It’s not often that you hear a grown man known for scarfing down Skittles talk about how much he has grown up, but that is exactly what Marshawn Lynch credits with improving his game this season. With one game still remaining, Lynch has already established career highs in rushing yards and touchdowns and has the highest yard-per-carry average of his career. Plenty of that has had to do with the growth of the offensive line in front of him, as well as the blocking of fullback Michael Robinson, who was named a Pro Bowl alternate, but Lynch also said he has become a harder worker and better student of the game this season.
“I feel I became a pro this year<" he said. "In the studying, the taking care of my body, doing the little things that I could have gotten away with when I was younger, like not stretching, just going out there.
Lynch said watching the way Leon Washington prepares for games and takes care of his body has been a big help, as has studying the game with Robinson and Justin Forsett.
“A lot of the things I have learned, I have learned from those guys in that room,” he said.
Assistant head coach and offensive line coach Tom Cable has noticed Lynch’s dedication this year as well. One of the big reasons for the improved run game, Cable said, was Lynch’s willingness to go to the coaches and ask how he could better fit a new system.

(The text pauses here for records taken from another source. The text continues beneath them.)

Lemma net_above_tensor {G1 s1 C1 u1 G2 s2 C2 u2 s C u}
    (d1 : deriv G1 s1 C1 u1) (d2 : deriv G2 s2 C2 u2) (d : deriv (G1 ++ G2) s C u)
    (lk : nat -> nat -> nat -> link) n :
  net_above d1 n -> (forall m, net_above d2 m) ->
  (forall r1 r2 r, lprem (lk r1 r2 r) = [r1; r2] /\ lconcl (lk r1 r2 r) = [r]) ->
  (forall V1 L1 h1 r1 V2 L2 h2 r2 r, corr d1 V1 L1 h1 r1 -> corr d2 V2 L2 h2 r2 ->
     NoDup (r :: map fst V1 ++ map fst V2) ->
     corr d ((r, C) :: V1 ++ V2) (lk r1 r2 r :: L1 ++ L2) (h1 ++ h2) r) ->
  (forall W sv r1 r2 r, expansion_sorts_zero sv ->
     reduces sv (aps_link W (lk r1 r2 r) ++ [AComb (items s1) (Old r1); AComb (items s2) (Old r2)])
       [AComb (items s) (Old r)]) ->
  net_above d n.
Proof.
  intros (V1 & L1 & h1 & r1 & m1 & Co1 & R1 & S1 & Red1) IH2 Lk Co Step.
  destruct (IH2 m1) as (V2 & L2 & h2 & r2 & m2 & Co2 & R2 & S2 & Red2).
  destruct (Lk r1 r2 m2) as [Lp Lc].
  pose proof (R1 _ (inv_root_vertex _ _ _ _ _ _ S1)). pose proof (R2 _ (inv_root_vertex _ _ _ _ _ _ S2)).
  assert (N := in_range_disjoint _ _ _ _ _ R1 R2 ltac:(lia) (inv_nodup _ _ _ _ _ _ S1)
                 (inv_nodup _ _ _ _ _ _ S2)).
  exists ((m2, C) :: V1 ++ V2), (lk r1 r2 m2 :: L1 ++ L2), (h1 ++ h2), m2, (S m2).
  split; [exact (Co _ _ _ _ _ _ _ _ _ Co1 Co2 N)|].
  split; [|split; [eapply struct_inv_tensor; eauto|]].
  - intros v Hv. cbn in Hv. rewrite map_app in Hv.
    destruct Hv as [<-|Hv]; [|apply in_app_or in Hv as [Hv|Hv]]; [|apply R1 in Hv|apply R2 in Hv];
      lia.
  - intros W sv A Z. inversion N as [|? ? Nr N12]. rewrite <- map_app in Nr.
    destruct (agree_split _ _ _ N12 (agree_cons _ _ _ _ Nr A)) as [A1 A2].
    eapply reduces_trans; [|exact (Step W sv r1 r2 m2 Z)].
    eapply reduces_trans;
      [|exact (reduces_app_l _ _ _ _ (reduces_app _ _ _ [_] [_] (Red1 W sv A1 Z) (Red2 W sv A2 Z)))].
    apply reduces_perm. rewrite link_combs_cons, link_combs_app, hyp_combs_app.
    solve_perm alink_eq_dec.
Qed.

Lemma net_above_intro {G s0 C0 u0 G' g F u} (d0 : deriv G s0 C0 u0) (d : deriv G' g F u)
    a A (lk : nat -> nat -> nat -> link) n :
  net_above d0 n -> Permutation G ((a, A) :: G') -> Permutation (vars s0) (vars a ++ vars g) ->
  (forall r0 x r, lprem (lk r0 x r) = [r0] /\ Permutation (lconcl (lk r0 x r)) [x; r]) ->
  (forall V L h h' r0 x r, corr d0 V L h r0 -> Permutation h ((a, x) :: h') ->
     ~ In r (map fst V) -> corr d ((r, F) :: V) (lk r0 x r :: L) h' r) ->
  (forall W sv r0 x r p0 ps, expansion_sorts_zero sv -> a = hlab p0 ps -> NoDup (p0 :: ps) ->
     (forall p, In p (vars g) -> ~ In p (p0 :: ps)) -> fsort (vlab W x) = length ps ->
     exists P, aps_link W (lk r0 x r) = [P; AComb (expand x (length ps)) (Old x)] /\
       reduces sv [P; AComb (map (hyp_subst x (p0 :: ps)) (items s0)) (Old r0)]
         [AComb (items g) (Old r)]) ->
  net_above d n.
Proof.
  intros (V & L & h & r0 & m & Co & R & Si & Red) P Pv Lk Cor Step.
  pose proof (deriv_fresh_labels _ _ _ _ d0) as Fr.
  destruct (hyp_entry_split _ _ _ _ _ _ (inv_ctx _ _ _ _ _ _ Si) P) as (x & h' & Ph & Ex & EG').
  destruct (fresh_labels_hyp _ _ _ _ _ _ Fr P) as (p0 & ps & Ea & Len & Np & Dctx).
  assert (Dg : forall p, In p (vars g) -> ~ In p (p0 :: ps)).
  { intros p Hp. apply Dctx, (fresh_incl _ _ _ (fresh_labels_drop _ _ _ _ _ _ _ Fr P Pv)), Hp. }
  rewrite <- EG', ctx_vars_hyp_entry in Dctx.
  assert (Nr : ~ In m (map fst V)) by (intro Hm; apply R in Hm; lia).
  assert (Ix : In x (map fst V)).
  { apply (inv_hyp_vertex _ _ _ _ _ _ Si), (Permutation_in _ (Permutation_sym (Permutation_map snd Ph))).
    now left. }
  pose proof (R _ (inv_root_vertex _ _ _ _ _ _ Si)).
  destruct (Lk r0 x m) as [Lp Lc].
  exists ((m, F) :: V), (lk r0 x m :: L), h', m, (S m).
  split; [exact (Cor _ _ _ _ _ _ _ Co Ph Nr)|].
  split; [|split; [rewrite <- EG'; exact (struct_inv_intro _ _ _ _ _ _ _ _ _ _ _ F Si Nr Ph Lp Lc)|]].
  - intros v Hv. cbn in Hv. destruct Hv as [<-|Hv]; [lia|apply R in Hv; lia].
  - intros W sv Aw Z.
    assert (Fx : fsort (vlab W x) = length ps).
    { rewrite Aw by (right; exact Ix). rewrite vlab_cons_ne, Ex; [easy|]. intros ->. auto. }
    destruct (Step W sv r0 x m p0 ps Z Ea Np Dg Fx) as (Pl & E & Rs). subst a.
    assert (Rd := reduces_discharge sv _ h h' x p0 ps _ r0 Z Np Ph Dctx
                    (rename_link_combs _ (fun _ => eq_refl) eq_refl W L)
                    (Red W sv (agree_cons _ _ _ _ Nr Aw) Z)).
    eapply reduces_trans; [|exact Rs].
    eapply reduces_trans; [|exact (reduces_app_l _ [Pl] _ _ Rd)].
    apply reduces_perm. rewrite link_combs_cons, E. solve_perm alink_eq_dec.
Qed.
Lemma disjvZ_self (c : R) x : disjv (c *: x) x -> c *: x = 0.
Proof.
have [->|c0 cxx] := eqVneq c 0; first by rewrite scale0r.
suff /disjvv -> : disjv x x by rewrite scaler0.
apply: (disjv_le (c := `|c^-1|) _ cxx).
by rewrite -[X in absv X <=v _](scalerK c0); apply: lev_absvZ.
Qed.

Lemma dcompl_le (S : set V) (c : R) u v :
  absv u <=v c *: absv v -> dcompl sup S v -> dcompl sup S u.
Proof. by move=> uv vS s /vS; apply: disjv_le uv. Qed.

Lemma dcomplN (S : set V) x : dcompl sup S x -> dcompl sup S (- x).
Proof. by move=> xS s /xS /disjvN. Qed.

Lemma dcompl0 (S : set V) : dcompl sup S 0.
Proof. by move=> s _; apply: disjv0. Qed.

Lemma sub_dcompl2 (S : set V) : S `<=` dcompl sup (dcompl sup S).
Proof. by move=> s Ss x /(_ s Ss) /disjvC. Qed.

Lemma dcompl2_dcompl_eq0 (S : set V) x :
  dcompl sup (dcompl sup S) x -> dcompl sup S x -> x = 0.
Proof. by move=> xSdd xSd; apply/disjvv/xSdd. Qed.

Section Atom.
Variable a : V.
Hypothesis ha : pos_atom le a.

Lemma atom_ge0 : 0 <=v a. Proof. by case: ha. Qed.
Lemma atom_neq0 : a <> 0. Proof. by case: ha => _ []. Qed.

Lemma atom_coef_ge0 (c : R) : 0 <=v c *: a -> 0 <= c.
Proof. exact: coefv_ge0 atom_ge0 atom_neq0. Qed.

Lemma atom_le_scale (n : R) y : 0 < n -> 0 <=v y -> y <=v n *: a ->
  exists c : R, y = c *: a.
Proof.
move=> n0 y0 yna; have nV0 : 0 <= n^-1 by rewrite invr_ge0 ltW.
case: ha => _ [_ /(_ (n^-1 *: y))] [||c yc].
- exact: scalev_ge0 nV0 y0.
- by have := levZ nV0 yna; rewrite scalerA mulVf ?gt_eqF ?scale1r.
by exists (n * c); rewrite -scalerA -yc scalerA divff ?gt_eqF ?scale1r.
Qed.

(* The coefficient of [x] along [a] is read off the infimum of [x] and [n a]
   for [n] large enough. *)
Lemma atom_decomp_ge0 x : 0 <=v x ->
  exists c : R, [/\ 0 <= c, c * `|a| <= `|x|, 0 <=v x - c *: a & disjv (x - c *: a) a].
Proof.
move=> x0; have a_gt0 : 0 < `|a| by rewrite normr_gt0; apply/eqP/atom_neq0.
set n := `|x| / `|a| + 1; have n0 : 0 < n by rewrite ltr_pwDr ?divr_ge0.
set y := infv x (n *: a).
have y0 : 0 <=v y by apply: infv_ge => //; apply: scalev_ge0 (ltW n0) atom_ge0.
have [c yc] := atom_le_scale n0 y0 (lev_infr _ _).
have c0 : 0 <= c by apply: atom_coef_ge0; rewrite -yc.
have cx : c * `|a| <= `|x|.
  by have := normv_le_ge0 y0 (lev_infl _ _); rewrite yc normrZ ger0_norm.
have xca0 : 0 <=v x - c *: a by apply/subv_ge0; rewrite -yc; apply: lev_infl.
have nc0 : 0 < n - c by rewrite subr_gt0 /n ltr_pwDr // ler_pdivlMr.
have nca0 : 0 <=v (n - c) *: a by apply: scalev_ge0 (ltW nc0) atom_ge0.
exists c; split => //.
have disj_nca : disjv (x - c *: a) ((n - c) *: a).
  by rewrite /disjv absv_id // absv_id // scalerBl infvDr -/y yc subrr.
apply/disjvC; apply: (disjv_le (c := (n - c)^-1) _ (disjvC disj_nca)).
rewrite (absv_id atom_ge0) absv_id // scalerA mulVf ?gt_eqF // scale1r.
exact: levv.
Qed.

Lemma atom_coef_exists x : exists c : R, `|c| * `|a| <= `|x| /\ disjv (x - c *: a) a.
Proof.
have [c1 [c1_ge0 c1_le _ disj1]] := atom_decomp_ge0 (posv_ge0 x).
have [c2 [c2_ge0 c2_le _ disj2]] := atom_decomp_ge0 (negv_ge0 x).
exists (c1 - c2); split.
  have {}c1_le := le_trans c1_le (norm_posv x).
  have {}c2_le := le_trans c2_le (norm_negv x).
  have a0 := normr_ge0 a; have [c12|c12] := leP c2 c1.
    rewrite ger0_norm ?subr_ge0 // mulrBl lerBlDr (le_trans c1_le) //.
    by rewrite lerDl mulr_ge0.
  rewrite ltr0_norm ?subr_lt0 // opprB mulrBl lerBlDr (le_trans c2_le) //.
  by rewrite lerDl mulr_ge0.
have -> : x - (c1 - c2) *: a = (posv x - c1 *: a) - (negv x - c2 *: a).
  rewrite -{1}(posv_sub_negv x) scalerBl !opprB addrACA [RHS]addrACA.
  by rewrite (addrC (- negv x)).
exact: disjvB.
Qed.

“He came to me a few weeks back and said, ‘Help me do what the other backs have done in this thing,’” Cable said. “And we made a deal. You have to do it the way I ask you to do it, and he’s done it. A lot of credit goes to him because he was able to maybe push his ego or push his own beliefs, to some extent, aside and embrace something new. Because this is a system that asks a back to do things a certain way, and once you get in and through the line of scrimmage, then do your thing, you can do all the craziness you want then, but you’ve got to do it this way from A to B, and he bought into A to B.”